(* Let $\lambda\in\mathbb R$. Each column sum of the matrix representing $(L^*+\lambda)^2$ with respect to the ordered basis $u^*_0,u^*_1,\dots,u^*_d$ of $\mathcal P_d(\mathbb R)$ equals $\lambda^2$.
   Context: Fix an integer $d\ge0$ and $r,s\in(-1,\infty)$. Write $(x)_i=x(x+1)\cdots(x+i-1)$, $(x)_0=1$. For $0\le i\le d$ put $\theta_i=(d-i)(d-i+r+s+1)$ (distinct) and $\theta^*_i=i$. Put $b^*_i=\frac{(d-i)(i-d-s)(2d-2i+r+s+2)_i}{(2d-2i+r+s)_{i+1}}$ ($0\le i\le d-1$), $c^*_i=\frac{i(i-d-r-1)(d-i+r+s+1)_{d-i}}{(d-i+r+s+2)_{d-i+1}}$ ($1\le i\le d$), $b^*_d=c^*_0=0$, $a^*_i=\theta^*_0-b^*_i-c^*_i$, $k^*_i=\frac{b^*_0\cdots b^*_{i-1}}{c^*_1\cdots c^*_i}$ ($0\le i\le d$). Put $c_i=i(i+r)$ and $\nu=\frac{\prod_{j=1}^d(\theta_0-\theta_j)}{c_1\cdots c_d}$. Let $\mathcal P_d(\mathbb R)$ be the real polynomials of degree at most $d$, each determined by its values at $\theta_0,\dots,\theta_d$. Let $L^*$ be the linear map on $\mathcal P_d(\mathbb R)$ with $(L^*f)(\theta_i)=b^*_i f(\theta_{i+1})+a^*_i f(\theta_i)+c^*_i f(\theta_{i-1})$ ($0\le i\le d$; terms with coefficient $b^*_d$ or $c^*_0$ omitted). Let $u^*_i\in\mathcal P_d(\mathbb R)$ be defined by $u^*_i(\theta_j)=0$ for $j\neq i$ and $u^*_i(\theta_i)=\nu/k^*_i$; these form a basis. $\lambda$ denotes $\lambda$ times the identity map. *)

From HB Require Import structures.
From mathcomp Require Import all_boot all_order all_algebra.
From mathcomp Require Import reals.
Set Implicit Arguments. Unset Strict Implicit. Unset Printing Implicit Defensive.
Import Order.TTheory GRing.Theory Num.Theory.
Local Open Scope ring_scope.

Section DualHahn.
Variables (R : realType) (d : nat) (r s : R).

Definition poch (x : R) (i : nat) : R := \prod_(k < i) (x + k%:R).

(* theta_i = (d-i)(d-i+r+s+1) ; only used for i <= d (except multiplied by 0) *)
Definition theta (i : nat) : R := (d - i)%:R * ((d - i)%:R + r + s + 1).
Definition thetas (i : nat) : R := i%:R.

Definition bs (i : nat) : R :=
  if (i < d)%N then
    (d - i)%:R * (i%:R - d%:R - s) * poch (2 * (d - i)%:R + r + s + 2) i
      / poch (2 * (d - i)%:R + r + s) i.+1
  else 0.

Definition cs (i : nat) : R :=
  if (0 < i)%N then
    i%:R * (i%:R - d%:R - r - 1) * poch ((d - i)%:R + r + s + 1) (d - i)
      / poch ((d - i)%:R + r + s + 2) (d - i).+1
  else 0.

Definition as_ (i : nat) : R := thetas 0 - bs i - cs i.

Definition ks (i : nat) : R :=
  (\prod_(k < i) bs k) / (\prod_(k < i) cs k.+1).

Definition cc (i : nat) : R := i%:R * (i%:R + r).

Definition nu : R :=
  (\prod_(1 <= j < d.+1) (theta 0 - theta j)) / (\prod_(1 <= j < d.+1) cc j).

(* right-hand side of (L* f)(theta_i); terms with b*_d, c*_0 vanish since
   those coefficients are 0 *)
Definition Lstar_val (f : {poly R}) (i : nat) : R :=
  bs i * f.[theta i.+1] + as_ i * f.[theta i] + cs i * f.[theta i.-1].

End DualHahn.

(** The functional [f |-> \sum_k k*_k f(theta_k)] kills [L*]: the weights satisfy
    detailed balance [k*_k b*_k = k*_(k+1) c*_(k+1)], and [a*_k = -b*_k - c*_k]
    since [theta*_0 = 0], so the sum telescopes.  It therefore maps [(L* + lam)^2 f]
    to [lam^2] times its value at [f], and it takes the value [nu] on every [u*_i].
    Applying it to [(L* + lam)^2 u*_j = \sum_i M_ij u*_i] gives
    [lam^2 nu = nu \sum_i M_ij], and [nu <> 0]. *)
From HB Require Import structures.
From mathcomp Require Import all_boot all_order all_algebra.
From mathcomp Require Import reals ring lra.
Set Implicit Arguments. Unset Strict Implicit. Unset Printing Implicit Defensive.
Import Order.TTheory GRing.Theory Num.Theory.
Local Open Scope ring_scope.

Lemma sum_birth_death_eq0 (R : comPzRingType) (n : nat) (w b c F : nat -> R) :
  (forall k, (k < n)%N -> w k * b k = w k.+1 * c k.+1) -> b n = 0 -> c 0 = 0 ->
  \sum_(k < n.+1) w k * (b k * (F k.+1 - F k) + c k * (F k.-1 - F k)) = 0.
Proof.
move=> balance bn0 c00.
pose flow k := w k * b k * (F k.+1 - F k).
pose G k := if k is k'.+1 then flow k' else 0.
have termE k : (k < n.+1)%N ->
    w k * (b k * (F k.+1 - F k) + c k * (F k.-1 - F k)) = G k.+1 - G k.
  case: k => [_|k]; first by rewrite /G /flow c00; ring.
  by rewrite ltnS => /balance wbc; rewrite /G /flow wbc /=; ring.
rewrite (eq_bigr (fun k : 'I_n.+1 => G k.+1 - G k)) => [|k _]; last exact: termE.
by rewrite -(big_mkord xpredT (fun k => G k.+1 - G k)) telescope_sumr //= /flow bn0; ring.
Qed.

Section DualHahnWeights.
Variables (R : realType) (d : nat) (r s : R).
Hypotheses (hr : -1 < r) (hs : -1 < s).

Lemma poch_gt0 (x : R) n : (forall k, (k < n)%N -> 0 < x + k%:R) -> 0 < poch x n.
Proof. by move=> pos; apply: prodr_gt0 => k _; apply: pos. Qed.

Lemma bs_lt0 i : (i < d)%N -> bs d r s i < 0.
Proof.
move: (hr) (hs) => r_gt s_gt lt_id; rewrite /bs lt_id.
have dmi_ge1 : 1 <= (d - i)%:R :> R by rewrite ler1n subn_gt0.
have i_lt_d : i%:R + 1 <= d%:R :> R by rewrite natr1 ler_nat.
have num_gt0 : 0 < poch (2 * (d - i)%:R + r + s + 2) i.
  by apply: poch_gt0 => k _; have : 0 <= k%:R :> R by []; lra.
have den_gt0 : 0 < poch (2 * (d - i)%:R + r + s) i.+1.
  by apply: poch_gt0 => k _; have : 0 <= k%:R :> R by []; lra.
rewrite pmulr_llt0 ?invr_gt0 // pmulr_llt0 // pmulr_rlt0; lra.
Qed.

Lemma cs_lt0 i : (0 < i)%N -> (i <= d)%N -> cs d r s i < 0.
Proof.
move: (hr) (hs) => r_gt s_gt i_gt0 le_id; rewrite /cs i_gt0.
have i_ge1 : 1 <= i%:R :> R by rewrite ler1n.
have i_le_d : i%:R <= d%:R :> R by rewrite ler_nat.
have num_gt0 : 0 < poch ((d - i)%:R + r + s + 1) (d - i).
  apply: poch_gt0 => k lt_k.
  have : 1 <= (d - i)%:R :> R by rewrite ler1n; case: (d - i)%N lt_k.
  by have : 0 <= k%:R :> R by []; lra.
have den_gt0 : 0 < poch ((d - i)%:R + r + s + 2) (d - i).+1.
  apply: poch_gt0 => k _; have : 0 <= k%:R :> R by [].
  by have : 0 <= (d - i)%:R :> R by []; lra.
rewrite pmulr_llt0 ?invr_gt0 // pmulr_llt0 // pmulr_rlt0; lra.
Qed.

Lemma ks_neq0 k : (k <= d)%N -> ks d r s k != 0.
Proof.
move=> le_kd; rewrite mulf_neq0 ?invr_neq0 //; apply/prodf_neq0 => i _.
  by rewrite ltr0_neq0 // bs_lt0 // (leq_trans (ltn_ord i)).
by rewrite ltr0_neq0 // cs_lt0 // (leq_trans (ltn_ord i)).
Qed.

Lemma ks_balance k : (k < d)%N ->
  ks d r s k * bs d r s k = ks d r s k.+1 * cs d r s k.+1.
Proof.
move=> lt_kd; have ksS : ks d r s k.+1 = ks d r s k * bs d r s k / cs d r s k.+1.
  by rewrite /ks !big_ord_recr /= invfM; ring.
by rewrite ksS divfK // ltr0_neq0 // cs_lt0.
Qed.

Lemma nu_neq0 : nu d r s != 0.
Proof.
move: (hr) (hs) => r_gt s_gt.
rewrite mulf_neq0 ?invr_neq0 // prodf_seq_neq0; apply/allP => j;
  rewrite mem_index_iota => /andP[j_ge1 le_jd]; apply/implyP => _.
  have dmj_lt : (d - j)%:R + 1 <= d%:R :> R.
    by rewrite natr1 ler_nat ltn_subrL j_ge1 (leq_trans j_ge1 le_jd).
  have : 0 <= (d - j)%:R :> R by [].
  rewrite /theta subn0; set a := d%:R; set b := (d - j)%:R => b_ge0.
  have -> : a * (a + r + s + 1) - b * (b + r + s + 1) = (a - b) * (a + b + r + s + 1).
    by ring.
  by rewrite mulf_neq0 // gt_eqF //; lra.
have j_ge1R : 1 <= j%:R :> R by rewrite ler1n.
by rewrite /cc mulf_neq0 // gt_eqF //; lra.
Qed.

Definition ks_eval (f : {poly R}) : R :=
  \sum_(k < d.+1) ks d r s k * f.[theta d r s k].

Lemma ks_evalD : {morph ks_eval : f g / f + g}.
Proof.
by move=> f g; rewrite -big_split; apply: eq_bigr => k _; rewrite hornerD mulrDr.
Qed.

Lemma ks_eval0 : ks_eval 0 = 0.
Proof. by rewrite /ks_eval big1 // => k _; rewrite horner0 mulr0. Qed.

Lemma ks_evalZ a f : ks_eval (a *: f) = a * ks_eval f.
Proof. by rewrite mulr_sumr; apply: eq_bigr => k _; rewrite hornerZ mulrCA. Qed.

Lemma ks_eval_Lstar_val (f : {poly R}) :
  \sum_(k < d.+1) ks d r s k * Lstar_val d r s f k = 0.
Proof.
rewrite -[RHS](@sum_birth_death_eq0 R d (ks d r s) (bs d r s) (cs d r s)
  (fun k => f.[theta d r s k]) ks_balance).
- by apply: eq_bigr => k _; rewrite /Lstar_val /as_ /thetas; congr (_ * _); ring.
- by rewrite /bs ltnn.
- by [].
Qed.

Lemma ks_eval_dual_basis (p : {poly R}) (i : 'I_d.+1) :
  (forall j, (j <= d)%N ->
     p.[theta d r s j] = if j == i then nu d r s / ks d r s i else 0) ->
  ks_eval p = nu d r s.
Proof.
move=> p_theta; have le_ord (k : 'I_d.+1) : (k <= d)%N by rewrite -ltnS.
rewrite /ks_eval (bigD1 i) //= big1 => [|k k_neq_i]; last first.
  by rewrite p_theta // (negbTE (k_neq_i : nat_of_ord k != i)) mulr0.
by rewrite p_theta // eqxx addr0 mulrC divfK // ks_neq0.
Qed.

Section ShiftedOperator.
Variables (Lstar : {poly R} -> {poly R}) (lam : R).
Hypothesis Lstar_size :
  forall f : {poly R}, (size f <= d.+1)%N -> (size (Lstar f) <= d.+1)%N.
Hypothesis Lstar_theta : forall f : {poly R}, (size f <= d.+1)%N ->
  forall i, (i <= d)%N -> (Lstar f).[theta d r s i] = Lstar_val d r s f i.

Lemma ks_eval_Lstar (f : {poly R}) : (size f <= d.+1)%N -> ks_eval (Lstar f) = 0.
Proof.
move=> f_size; rewrite -(ks_eval_Lstar_val f); apply: eq_bigr => k _.
by rewrite Lstar_theta // -ltnS.
Qed.

Lemma size_Lstar_shift (f : {poly R}) :
  (size f <= d.+1)%N -> (size (Lstar f + lam *: f)%R <= d.+1)%N.
Proof.
move=> f_size; rewrite (leq_trans (size_polyD _ _)) // geq_max Lstar_size //.
exact: leq_trans (size_scale_leq _ _) f_size.
Qed.

Lemma ks_eval_Lstar_shift (f : {poly R}) : (size f <= d.+1)%N ->
  ks_eval (Lstar f + lam *: f) = lam * ks_eval f.
Proof. by move=> f_size; rewrite ks_evalD ks_evalZ ks_eval_Lstar // add0r. Qed.

End ShiftedOperator.
End DualHahnWeights.

Theorem lemma2p4 (R : realType) (d : nat) (r s lam : R)
  (hr : -1 < r) (hs : -1 < s)
  (Lstar : {poly R} -> {poly R})
  (HL : forall f : {poly R}, (size f <= d.+1)%N ->
        (size (Lstar f) <= d.+1)%N /\
        (forall i, (i <= d)%N -> (Lstar f).[theta d r s i] = Lstar_val d r s f i))
  (u : nat -> {poly R})
  (Hu : forall i, (i <= d)%N ->
        (size (u i) <= d.+1)%N /\
        (forall j, (j <= d)%N ->
           (u i).[theta d r s j] = if j == i then nu d r s / ks d r s i else 0))
  (M : 'M[R]_d.+1)
  (HM : forall j : 'I_d.+1,
        let g := Lstar (u j) + lam *: u j in
        Lstar g + lam *: g = \sum_(i < d.+1) M i j *: u i) :
  forall j : 'I_d.+1, \sum_(i < d.+1) M i j = lam ^+ 2.
Proof.
move=> j; have le_ord (k : 'I_d.+1) : (k <= d)%N by rewrite -ltnS.
have Lsize f hf := (HL f hf).1; have Ltheta f hf := (HL f hf).2.
have u_nu (i : 'I_d.+1) : ks_eval d r s (u i) = nu d r s.
  exact: (ks_eval_dual_basis hr hs (Hu i (le_ord i)).2).
have uj_size : (size (u j) <= d.+1)%N := (Hu j (le_ord j)).1.
have := congr1 (ks_eval d r s) (HM j).
rewrite /= !ks_eval_Lstar_shift ?size_Lstar_shift // u_nu.
rewrite (big_morph _ (ks_evalD d r s) (ks_eval0 d r s)).
under eq_bigr do rewrite ks_evalZ u_nu.
rewrite -mulr_suml => nu_sum.
by apply: (mulIf (nu_neq0 d hr hs)); rewrite -nu_sum expr2 mulrA.
Qed.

* * * *

- Problem to solve:
From the entries above, give again exactly the lines running from the line with "- by rewrite /bs ltnn." to the line with "(Lstar f) <= d.+1)%N."; include both of those lines.

- Reply to the task:
- by rewrite /bs ltnn.
- by [].
Qed.

Lemma ks_eval_dual_basis (p : {poly R}) (i : 'I_d.+1) :
  (forall j, (j <= d)%N ->
     p.[theta d r s j] = if j == i then nu d r s / ks d r s i else 0) ->
  ks_eval p = nu d r s.
Proof.
move=> p_theta; have le_ord (k : 'I_d.+1) : (k <= d)%N by rewrite -ltnS.
rewrite /ks_eval (bigD1 i) //= big1 => [|k k_neq_i]; last first.
  by rewrite p_theta // (negbTE (k_neq_i : nat_of_ord k != i)) mulr0.
by rewrite p_theta // eqxx addr0 mulrC divfK // ks_neq0.
Qed.

Section ShiftedOperator.
Variables (Lstar : {poly R} -> {poly R}) (lam : R).
Hypothesis Lstar_size :
  forall f : {poly R}, (size f <= d.+1)%N -> (size (Lstar f) <= d.+1)%N.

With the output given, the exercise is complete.